Stored data entries
========================================

(* Let $\beta_1\in(0,1)$, $\beta_0=1-\beta_1$, $\rho\in(0,1)$, $\theta\in(0,1)$, $\lambda\ge 0$, $N_0>0$, and assume $$N_0\le \frac{\lambda(1-\rho)(1-\beta_1\theta)^2}{\rho\,\theta^2}.$$ For $s\in[0,1]$ let $$\bar m_1(s)=\tfrac{\beta_0\beta_1(1-\rho)s}{\rho+\beta_1 s(1-\rho)},\ \bar m_2(s)=\tfrac{\beta_0\rho}{\rho+\beta_1 s(1-\rho)},\ \bar m_3(s)=\tfrac{\beta_1^2(1-\rho)s}{\rho+\beta_1 s(1-\rho)},\ \bar m_4(s)=\tfrac{\beta_1\rho}{\rho+\beta_1 s(1-\rho)},$$ $$E(s)=\frac{\theta N_0\, s}{1-\theta \bar m_4(s)}+\lambda\big(\bar m_2(s)+\bar m_4(s)\big),$$ and define $$N_0^0=\frac{\lambda\beta_1(1-\rho)(1-\theta\beta_1)}{\rho\theta},\qquad N_0^1=\frac{\lambda\beta_1(1-\rho)\rho\,\dfrac{(\rho+\beta_1-\beta_1\rho(1+\theta))^2}{(\beta_1+\rho-\beta_1\rho)^2}}{\theta\big(2\beta_1(1-\rho)\rho(1-\theta\beta_1)+\rho^2(1-\theta\beta_1)+\beta_1^2(1-\rho)^2\big)}.$$ Let $s_4^*$ denote the optimal equilibrium control, i.e. a minimizer of $E$ over $[0,1]$, and $\vec m^*=(\bar m_1(s_4^* ),\dots,\bar m_4(s_4^* ))$. Then: (i) if $N_0\ge N_0^0$, then $s_4^*=0$ and $\vec m^*=(0,\beta_0,0,\beta_1)$; (ii) if $N_0\le N_0^1$, then $s_4^*=1$ and $$m_1^*=\tfrac{\beta_0\beta_1(1-\rho)}{\beta_1(1-\rho)+\rho},\ m_2^*=\tfrac{\beta_0\rho}{\rho+\beta_1(1-\rho)},\ m_3^*=\tfrac{\beta_1^2(1-\rho)}{\rho+\beta_1(1-\rho)},\ m_4^*=\tfrac{\beta_1\rho}{\rho+\beta_1(1-\rho)};$$ (iii) if $N_0^1<N_0<N_0^0$, then $s_4^*\in(0,1)$, and with $m_4^*=\bar m_4(s_4^* )$, $$N_0=\frac{\lambda(1-\rho)(m_4^* )^2(1-\theta m_4^* )^2}{\theta\rho\big(\theta m_4^*(m_4^*-2\beta_1)+\beta_1\big)}.$$
   Context: Mean-field model of a dense wireless network with two channel states (BAD with probability $\beta_0$, GOOD with probability $\beta_1$, i.i.d. over slots), packet arrival probability $\rho$ per slot, buffer size one, SINR decoding threshold $\theta<1$, noise power $N_0$, and weight $\lambda$ on queue length. The population is described by the fractions $m_1,\dots,m_4$ of users in states (BAD, empty), (BAD, one packet), (GOOD, empty), (GOOD, one packet). Only users in state (GOOD, one packet) may be scheduled; $s\in[0,1]$ is the fraction of them that transmit. For a constant control $s$, $(\bar m_1(s),\dots,\bar m_4(s))$ is the equilibrium of the fluid dynamics and $E(s)$ the equilibrium average cost. *)

From Stdlib Require Import Reals.
Open Scope R_scope.

Definition den (b1 rho s : R) : R := rho + b1 * s * (1 - rho).

Definition m1bar (b1 rho s : R) : R := (1 - b1) * b1 * (1 - rho) * s / den b1 rho s.
Definition m2bar (b1 rho s : R) : R := (1 - b1) * rho / den b1 rho s.
Definition m3bar (b1 rho s : R) : R := b1 ^ 2 * (1 - rho) * s / den b1 rho s.
Definition m4bar (b1 rho s : R) : R := b1 * rho / den b1 rho s.

Definition Ecost (b1 rho theta lambda N0 s : R) : R :=
  theta * N0 * s / (1 - theta * m4bar b1 rho s)
  + lambda * (m2bar b1 rho s + m4bar b1 rho s).

Definition N00 (b1 rho theta lambda : R) : R :=
  lambda * b1 * (1 - rho) * (1 - theta * b1) / (rho * theta).

Definition N01 (b1 rho theta lambda : R) : R :=
  lambda * b1 * (1 - rho) * rho *
    ((rho + b1 - b1 * rho * (1 + theta)) ^ 2 / (b1 + rho - b1 * rho) ^ 2)
  / (theta * (2 * b1 * (1 - rho) * rho * (1 - theta * b1)
              + rho ^ 2 * (1 - theta * b1) + b1 ^ 2 * (1 - rho) ^ 2)).

Definition is_opt_control (b1 rho theta lambda N0 s : R) : Prop :=
  0 <= s <= 1 /\
  forall s', 0 <= s' <= 1 ->
    Ecost b1 rho theta lambda N0 s <= Ecost b1 rho theta lambda N0 s'.

From Stdlib Require Import Reals Lra Psatz.
From Coquelicot Require Import Coquelicot.
Open Scope R_scope.

(* Put m = m4bar s; it decreases from b1 (s = 0) to m4bar 1 (s = 1), and
   b1 E(s) = F(m) := K (b1 - m) / (m (1 - theta m)) + lambda m  with  K = theta N0 rho / (1 - rho).
   F' has the sign of psi = lambda p^2 - K q, where p(m) = m (1 - theta m) and
   q(m) = theta m^2 - 2 theta b1 m + b1 > 0.  Under the bound on N0, psi crosses zero at most once
   on (0, b1], upwards: psi increases as long as p does, and is positive beyond the peak of p.
   Hence a minimiser of F on [m4bar 1, b1] is b1 when psi(b1) <= 0, i.e. N0 >= N0^0, is m4bar 1
   when psi(m4bar 1) >= 0, i.e. N0 <= N0^1, and otherwise lies strictly inside, at a root of psi;
   solving psi(m) = 0 for N0 gives (iii). *)

Lemma derive_nonneg_at_left_min f a b l :
  derivable_pt_lim f a l -> a < b -> (forall y, a < y <= b -> f a <= f y) -> 0 <= l.
Proof.
  intros Hf Hab Hmin. apply Rnot_lt_le; intros Hl.
  destruct (Hf (- l) ltac:(lra)) as [d Hd].
  pose proof (Rmin_l d (b - a)); pose proof (Rmin_r d (b - a)).
  pose proof (Rmin_pos d (b - a) (cond_pos d) ltac:(lra)).
  set (h := Rmin d (b - a) / 2) in *.
  assert (Hq : (f (a + h) - f a) / h - l < - l).
  { apply (Rle_lt_trans _ _ _ (Rle_abs _)), Hd; [|rewrite Rabs_pos_eq]; unfold h; lra. }
  assert (Hdiff : f (a + h) - f a = (f (a + h) - f a) / h * h) by (field; unfold h; lra).
  pose proof (Hmin (a + h) ltac:(unfold h; lra)).
  assert (0 < h) by (unfold h; lra).
  nra.
Qed.

Lemma derive_nonpos_at_right_min f a b l :
  derivable_pt_lim f b l -> a < b -> (forall y, a <= y < b -> f b <= f y) -> l <= 0.
Proof.
  intros Hf Hab Hmin. apply Rnot_lt_le; intros Hl.
  destruct (Hf l Hl) as [d Hd].
  pose proof (Rmin_l d (b - a)); pose proof (Rmin_r d (b - a)).
  pose proof (Rmin_pos d (b - a) (cond_pos d) ltac:(lra)).
  set (h := - (Rmin d (b - a) / 2)) in *.
  assert (Hq : - l < (f (b + h) - f b) / h - l).
  { apply Rabs_def2, Hd; [|rewrite Rabs_left]; unfold h; lra. }
  assert (Hdiff : f (b + h) - f b = (f (b + h) - f b) / h * h) by (field; unfold h; lra).
  pose proof (Hmin (b + h) ltac:(unfold h; lra)).
  assert (h < 0) by (unfold h; lra).
  nra.
Qed.

Definition cost_m4 (K lam b1 th t : R) : R := K * (b1 - t) / (t * (1 - th * t)) + lam * t.
Definition p_m4 (th t : R) : R := t * (1 - th * t).
Definition q_m4 (b1 th t : R) : R := th * t ^ 2 - 2 * th * b1 * t + b1.
Definition cost_slope (K lam b1 th t : R) : R := lam * p_m4 th t ^ 2 - K * q_m4 b1 th t.

Lemma p_m4_pos th t : 0 < t -> th * t < 1 -> 0 < p_m4 th t.
Proof. intros. unfold p_m4. nra. Qed.

Lemma q_m4_pos b1 th t : 0 < b1 -> 0 < th -> th * b1 < 1 -> 0 < q_m4 b1 th t.
Proof.
  intros. assert (q_m4 b1 th t = th * (t - b1) ^ 2 + b1 * (1 - th * b1)) by (unfold q_m4; ring).
  pose proof (pow2_ge_0 (t - b1)). nra.
Qed.

Lemma cost_m4_derive K lam b1 th t : p_m4 th t <> 0 ->
  derivable_pt_lim (cost_m4 K lam b1 th) t (cost_slope K lam b1 th t / p_m4 th t ^ 2).
Proof.
  unfold p_m4; intros Hp. apply is_derive_Reals. unfold cost_m4.
  auto_derive.
  - intro E; apply Hp; rewrite <- E; ring.
  - unfold cost_slope, p_m4, q_m4. field. split; intro E; apply Hp; rewrite E; ring.
Qed.

Lemma cost_slope_lt_before_peak K lam b1 th u t :
  0 <= lam -> 0 < K -> 0 < th -> 0 < u < t -> 2 * th * t <= 1 -> t <= b1 ->
  cost_slope K lam b1 th u < cost_slope K lam b1 th t.
Proof.
  intros. unfold cost_slope.
  assert (Ep : p_m4 th t = p_m4 th u + (t - u) * (1 - th * (t + u))) by (unfold p_m4; ring).
  assert (Eq : q_m4 b1 th u = q_m4 b1 th t + th * (t - u) * (2 * b1 - t - u))
    by (unfold q_m4; ring).
  assert (0 < p_m4 th u) by (unfold p_m4; nra).
  assert (0 < th * (t - u)) by nra.
  assert (p_m4 th u <= p_m4 th t) by nra.
  assert (q_m4 b1 th t < q_m4 b1 th u) by nra.
  assert (p_m4 th u ^ 2 <= p_m4 th t ^ 2) by nra.
  nra.
Qed.

Lemma cost_slope_pos_past_peak K lam b1 th t :
  0 < th < 1 -> 0 < K -> th * K <= lam * (1 - b1 * th) ^ 2 ->
  1 < 2 * th * t -> t <= b1 -> b1 < 1 -> 0 < cost_slope K lam b1 th t.
Proof.
  intros Hth HK HKle Ht Htb Hb.
  (* Beyond the peak 1/(2 th) of p: 4 th q <= 1 and p >= p(b1) = b1 (1 - b1 th), while
     2 th b1 > 1, so 4 th^2 lam p^2 > lam (1 - b1 th)^2 >= th K >= 4 th^2 K q. *)
  assert (Eq : 4 * th * q_m4 b1 th t = 1 + (2 * th * t - 1) * (1 + 2 * th * t - 4 * th * b1))
    by (unfold q_m4; ring).
  assert (Ep : p_m4 th t = b1 * (1 - b1 * th) + (b1 - t) * (th * (t + b1) - 1))
    by (unfold p_m4; ring).
  assert (th * t <= th * b1) by nra.
  assert (Hq : 4 * th * q_m4 b1 th t <= 1) by nra.
  assert (1 < th * (t + b1)) by nra.
  assert (b1 * (1 - b1 * th) <= p_m4 th t) by nra.
  assert (0 < th * K) by nra.
  assert (Hlam : 0 < lam) by (pose proof (pow2_ge_0 (1 - b1 * th)); nra).
  assert (Hp : (1 - b1 * th) ^ 2 < (2 * th * p_m4 th t) ^ 2).
  { assert (1 < 2 * th * b1) by nra. assert (0 < 1 - b1 * th) by nra.
    assert (1 - b1 * th < 2 * th * p_m4 th t) by nra. nra. }
  assert (th * K * (4 * th * q_m4 b1 th t) <= th * K) by nra.
  assert (4 * th ^ 2 * cost_slope K lam b1 th t
          = lam * (2 * th * p_m4 th t) ^ 2 - th * K * (4 * th * q_m4 b1 th t))
    by (unfold cost_slope; ring).
  nra.
Qed.

Lemma cost_slope_single_crossing K lam b1 th u t :
  0 <= lam -> 0 < th < 1 -> 0 < K -> th * K <= lam * (1 - b1 * th) ^ 2 -> b1 < 1 ->
  0 < u < t -> t <= b1 -> 0 <= cost_slope K lam b1 th u -> 0 < cost_slope K lam b1 th t.
Proof.
  intros. destruct (Rle_or_lt (2 * th * t) 1).
  - pose proof (cost_slope_lt_before_peak K lam b1 th u t). lra.
  - now apply cost_slope_pos_past_peak.
Qed.

Section ReducedMinimiser.

Variables K lam b1 th m0 x : R.
Hypotheses (Hlam : 0 <= lam) (Hth : 0 < th < 1) (HK : 0 < K)
  (HKle : th * K <= lam * (1 - b1 * th) ^ 2) (Hb1 : b1 < 1) (Hm0 : 0 < m0 < b1)
  (Hx : m0 <= x <= b1)
  (Hmin : forall m, m0 <= m <= b1 -> cost_m4 K lam b1 th x <= cost_m4 K lam b1 th m).

Let F := cost_m4 K lam b1 th.
Let psi := cost_slope K lam b1 th.

Lemma p_m4_pos_below_b1 t : 0 < t <= b1 -> 0 < p_m4 th t.
Proof. intros. apply p_m4_pos; nra. Qed.

Lemma cost_m4_derive_below_b1 t : 0 < t <= b1 -> derivable_pt_lim F t (psi t / p_m4 th t ^ 2).
Proof. intros. apply cost_m4_derive. pose proof (p_m4_pos_below_b1 t H). lra. Qed.

Lemma cost_slope_nonneg_at_min : x < b1 -> 0 <= psi x.
Proof.
  intros hx. pose proof (p_m4_pos_below_b1 x ltac:(lra)).
  assert (0 <= psi x / p_m4 th x ^ 2).
  { apply (derive_nonneg_at_left_min F x b1); [apply cost_m4_derive_below_b1; lra | lra |].
    intros y hy. apply Hmin. lra. }
  assert (E : psi x = psi x / p_m4 th x ^ 2 * p_m4 th x ^ 2) by (field; lra).
  rewrite E. apply Rmult_le_pos; [lra | apply pow2_ge_0].
Qed.

Lemma cost_slope_nonpos_at_min : m0 < x -> psi x <= 0.
Proof.
  intros hx. pose proof (p_m4_pos_below_b1 x ltac:(lra)).
  assert (psi x / p_m4 th x ^ 2 <= 0).
  { apply (derive_nonpos_at_right_min F m0 x); [apply cost_m4_derive_below_b1; lra | lra |].
    intros y hy. apply Hmin. lra. }
  assert (E : psi x = psi x / p_m4 th x ^ 2 * p_m4 th x ^ 2) by (field; lra).
  rewrite E. pose proof (pow2_ge_0 (p_m4 th x)). nra.
Qed.

Lemma argmin_eq_right : psi b1 <= 0 -> x = b1.
Proof.
  intros hb. destruct (Rle_lt_or_eq_dec x b1 (proj2 Hx)) as [hx | hx]; [exfalso | exact hx].
  enough (0 < psi b1) by lra.
  apply (cost_slope_single_crossing K lam b1 th x b1); try lra.
  exact (cost_slope_nonneg_at_min hx).
Qed.

Lemma argmin_eq_left : 0 <= psi m0 -> x = m0.
Proof.
  intros hm. destruct (Rle_lt_or_eq_dec m0 x (proj1 Hx)) as [hx | hx]; [exfalso | now symmetry].
  enough (0 < psi x) by (pose proof (cost_slope_nonpos_at_min hx); lra).
  apply (cost_slope_single_crossing K lam b1 th m0 x); try lra.
  exact hm.
Qed.

Lemma argmin_interior : psi m0 < 0 < psi b1 -> m0 < x < b1 /\ psi x = 0.
Proof.
  intros [hm hb].
  assert (m0 < x).
  { destruct (Rle_lt_or_eq_dec m0 x (proj1 Hx)) as [hx | hx]; [exact hx | exfalso].
    pose proof (cost_slope_nonneg_at_min ltac:(lra)) as h. rewrite <- hx in h. lra. }
  assert (x < b1).
  { destruct (Rle_lt_or_eq_dec x b1 (proj2 Hx)) as [hx | hx]; [exact hx | exfalso].
    pose proof (cost_slope_nonpos_at_min ltac:(lra)) as h. rewrite hx in h. lra. }
  pose proof cost_slope_nonneg_at_min. pose proof cost_slope_nonpos_at_min. split; lra.
Qed.

End ReducedMinimiser.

========================================

* Description of the task
In the records above, find the line with "th) by nra."; write out exactly that line and each one after it, stopping after the line with "Lemma cost_slope_single_crossing K".

* Response to the exercise
  { assert (1 < 2 * th * b1) by nra. assert (0 < 1 - b1 * th) by nra.
    assert (1 - b1 * th < 2 * th * p_m4 th t) by nra. nra. }
  assert (th * K * (4 * th * q_m4 b1 th t) <= th * K) by nra.
  assert (4 * th ^ 2 * cost_slope K lam b1 th t
          = lam * (2 * th * p_m4 th t) ^ 2 - th * K * (4 * th * q_m4 b1 th t))
    by (unfold cost_slope; ring).
  nra.
Qed.

Lemma cost_slope_single_crossing K lam b1 th u t :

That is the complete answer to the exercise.